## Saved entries
(* Let $\Gamma_0$ be a normal system with entropy $S$, and let $\Gamma$ be a further state space such that $\prec$ is defined on $\Gamma$, on $\Gamma\times\Gamma_0$ and on multiple products of these spaces, satisfying (A1), (A2), (A3), (A6) and the cancellation law (comparability (B2) is NOT assumed). Fix reference states $Z_0\in\Gamma_0$, $X_1\in\Gamma$ and assume (B1): for every $X\in\Gamma$ there exist $Z',Z''\in\Gamma_0$ with $(X_1,Z')\prec(X,Z_0)\prec(X_1,Z'')$. For $X\in\Gamma$ define $$S_-(X)=\sup\{S(Z')\,:\,Z'\in\Gamma_0,\ (X_1,Z')\prec(X,Z_0)\},\qquad S_+(X)=\inf\{S(Z'')\,:\,Z''\in\Gamma_0,\ (X,Z_0)\prec(X_1,Z'')\}.$$ Then: (1) For $X,Y\in\Gamma$, $X\prec Y$ implies $S_-(X)\le S_-(Y)$ and $S_+(X)\le S_+(Y)$. (2) For $X,Y\in\Gamma$, if $S_+(X)\le S_-(Y)$ then $X\prec Y$. (3) Define $S_\pm$ on $\Gamma\times\Gamma$ analogously, using $\Gamma_0\times\Gamma_0$ (with entropy $S(Z,W)=S(Z)+S(W)$) as entropy meter and $(X_1,X_1)\in\Gamma\times\Gamma$, $(Z_0,Z_0)\in\Gamma_0\times\Gamma_0$ as reference points, i.e. $S_-(X,Y)=\sup\{S(Z')+S(W')\,:\,(X_1,X_1,Z',W')\prec(X,Y,Z_0,Z_0)\}$ and $S_+(X,Y)=\inf\{S(Z'')+S(W'')\,:\,(X,Y,Z_0,Z_0)\prec(X_1,X_1,Z'',W'')\}$. Then for all $X,Y\in\Gamma$, $$S_-(X)+S_-(Y)\le S_-(X,Y)\le S_+(X,Y)\le S_+(X)+S_+(Y).$$ (4) Define $S_\pm$ on $\Gamma\times\Gamma_0$ analogously, using $\Gamma_0$ as entropy meter and $(X_1,Z_0)\in\Gamma\times\Gamma_0$, $Z_0\in\Gamma_0$ as reference points, i.e. $S_-(X,Z)=\sup\{S(Z')\,:\,(X_1,Z_0,Z')\prec(X,Z,Z_0)\}$ and $S_+(X,Z)=\inf\{S(Z'')\,:\,(X,Z,Z_0)\prec(X_1,Z_0,Z'')\}$. Then $S_\pm(X,Z_0)=S_\pm(X)$ for $X\in\Gamma$ and $S_\pm(X_1,Z)=S(Z)$ for $Z\in\Gamma_0$. Moreover, if $\hat S$ is any function on $\Gamma\times\Gamma_0$ that is monotone with respect to $\prec$ (i.e. $A\prec B$ implies $\hat S(A)\le\hat S(B)$) and satisfies $\hat S(X_1,Z)=S(Z)$ for all $Z\in\Gamma_0$, then $S_-(X)\le\hat S(X,Z_0)\le S_+(X)$ for all $X\in\Gamma$.
   Context: Setting (axiomatic thermodynamics via adiabatic accessibility). States belong to state spaces; for states $X,Y$ (possibly in different spaces) $X\prec Y$ means $Y$ can be reached from $X$ by an adiabatic process; $X\sim_A Y$ means $X\prec Y$ and $Y\prec X$. For state spaces $\Gamma_1,\Gamma_2$ the product $\Gamma_1\times\Gamma_2$ consists of pairs $(X_1,X_2)$; multiple products are formed likewise, and $(X,Y,Z,W)$ denotes a state of a fourfold product. For a scalable space, $\lambda X$ ($\lambda>0$) denotes a scaled state. Assumptions on $\prec$: (A1) Reflexivity: $X\sim_A X$. (A2) Transitivity: $X\prec Y$, $Y\prec Z$ imply $X\prec Z$. (A3) Consistency: $X\prec X'$ and $Y\prec Y'$ imply $(X,Y)\prec(X',Y')$. (A6) Stability with respect to $\Gamma_0$: if $(X,\varepsilon Z_0)\prec(Y,\varepsilon Z_1)$ with $Z_0,Z_1\in\Gamma_0$ for a sequence of $\varepsilon>0$ tending to zero, then $X\prec Y$. Cancellation law: $(X_1,X_2)\prec(X_1,Y_2)$ implies $X_2\prec Y_2$. A normal system $\Gamma_0$ is a state space of equilibrium states on which scaling is defined, equipped with an additive and extensive entropy function $S:\Gamma_0\to\mathbb R$ ($S(\lambda Z)=\lambda S(Z)$, $S$ additive on products of scaled copies) which characterizes $\prec$: for two states in the same product of scaled copies of $\Gamma_0$, one precedes the other iff its entropy is $\le$ that of the other; moreover the range of $S$ is connected (if $S(X)<S(Y)$, every value in $[S(X),S(Y)]$ is attained by $S$ on $\Gamma_0$). Scaling is not assumed to be defined on $\Gamma$. *)

From Stdlib Require Import Reals.
From Coquelicot Require Import Coquelicot.
Open Scope R_scope.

## DIRECTIONS FOR THIS TASK
Your task is to extract all of the records exactly.

## TASK RESPONSE
(* Let $\Gamma_0$ be a normal system with entropy $S$, and let $\Gamma$ be a further state space such that $\prec$ is defined on $\Gamma$, on $\Gamma\times\Gamma_0$ and on multiple products of these spaces, satisfying (A1), (A2), (A3), (A6) and the cancellation law (comparability (B2) is NOT assumed). Fix reference states $Z_0\in\Gamma_0$, $X_1\in\Gamma$ and assume (B1): for every $X\in\Gamma$ there exist $Z',Z''\in\Gamma_0$ with $(X_1,Z')\prec(X,Z_0)\prec(X_1,Z'')$. For $X\in\Gamma$ define $$S_-(X)=\sup\{S(Z')\,:\,Z'\in\Gamma_0,\ (X_1,Z')\prec(X,Z_0)\},\qquad S_+(X)=\inf\{S(Z'')\,:\,Z''\in\Gamma_0,\ (X,Z_0)\prec(X_1,Z'')\}.$$ Then: (1) For $X,Y\in\Gamma$, $X\prec Y$ implies $S_-(X)\le S_-(Y)$ and $S_+(X)\le S_+(Y)$. (2) For $X,Y\in\Gamma$, if $S_+(X)\le S_-(Y)$ then $X\prec Y$. (3) Define $S_\pm$ on $\Gamma\times\Gamma$ analogously, using $\Gamma_0\times\Gamma_0$ (with entropy $S(Z,W)=S(Z)+S(W)$) as entropy meter and $(X_1,X_1)\in\Gamma\times\Gamma$, $(Z_0,Z_0)\in\Gamma_0\times\Gamma_0$ as reference points, i.e. $S_-(X,Y)=\sup\{S(Z')+S(W')\,:\,(X_1,X_1,Z',W')\prec(X,Y,Z_0,Z_0)\}$ and $S_+(X,Y)=\inf\{S(Z'')+S(W'')\,:\,(X,Y,Z_0,Z_0)\prec(X_1,X_1,Z'',W'')\}$. Then for all $X,Y\in\Gamma$, $$S_-(X)+S_-(Y)\le S_-(X,Y)\le S_+(X,Y)\le S_+(X)+S_+(Y).$$ (4) Define $S_\pm$ on $\Gamma\times\Gamma_0$ analogously, using $\Gamma_0$ as entropy meter and $(X_1,Z_0)\in\Gamma\times\Gamma_0$, $Z_0\in\Gamma_0$ as reference points, i.e. $S_-(X,Z)=\sup\{S(Z')\,:\,(X_1,Z_0,Z')\prec(X,Z,Z_0)\}$ and $S_+(X,Z)=\inf\{S(Z'')\,:\,(X,Z,Z_0)\prec(X_1,Z_0,Z'')\}$. Then $S_\pm(X,Z_0)=S_\pm(X)$ for $X\in\Gamma$ and $S_\pm(X_1,Z)=S(Z)$ for $Z\in\Gamma_0$. Moreover, if $\hat S$ is any function on $\Gamma\times\Gamma_0$ that is monotone with respect to $\prec$ (i.e. $A\prec B$ implies $\hat S(A)\le\hat S(B)$) and satisfies $\hat S(X_1,Z)=S(Z)$ for all $Z\in\Gamma_0$, then $S_-(X)\le\hat S(X,Z_0)\le S_+(X)$ for all $X\in\Gamma$.
   Context: Setting (axiomatic thermodynamics via adiabatic accessibility). States belong to state spaces; for states $X,Y$ (possibly in different spaces) $X\prec Y$ means $Y$ can be reached from $X$ by an adiabatic process; $X\sim_A Y$ means $X\prec Y$ and $Y\prec X$. For state spaces $\Gamma_1,\Gamma_2$ the product $\Gamma_1\times\Gamma_2$ consists of pairs $(X_1,X_2)$; multiple products are formed likewise, and $(X,Y,Z,W)$ denotes a state of a fourfold product. For a scalable space, $\lambda X$ ($\lambda>0$) denotes a scaled state. Assumptions on $\prec$: (A1) Reflexivity: $X\sim_A X$. (A2) Transitivity: $X\prec Y$, $Y\prec Z$ imply $X\prec Z$. (A3) Consistency: $X\prec X'$ and $Y\prec Y'$ imply $(X,Y)\prec(X',Y')$. (A6) Stability with respect to $\Gamma_0$: if $(X,\varepsilon Z_0)\prec(Y,\varepsilon Z_1)$ with $Z_0,Z_1\in\Gamma_0$ for a sequence of $\varepsilon>0$ tending to zero, then $X\prec Y$. Cancellation law: $(X_1,X_2)\prec(X_1,Y_2)$ implies $X_2\prec Y_2$. A normal system $\Gamma_0$ is a state space of equilibrium states on which scaling is defined, equipped with an additive and extensive entropy function $S:\Gamma_0\to\mathbb R$ ($S(\lambda Z)=\lambda S(Z)$, $S$ additive on products of scaled copies) which characterizes $\prec$: for two states in the same product of scaled copies of $\Gamma_0$, one precedes the other iff its entropy is $\le$ that of the other; moreover the range of $S$ is connected (if $S(X)<S(Y)$, every value in $[S(X),S(Y)]$ is attained by $S$ on $\Gamma_0$). Scaling is not assumed to be defined on $\Gamma$. *)

From Stdlib Require Import Reals.
From Coquelicot Require Import Coquelicot.
Open Scope R_scope.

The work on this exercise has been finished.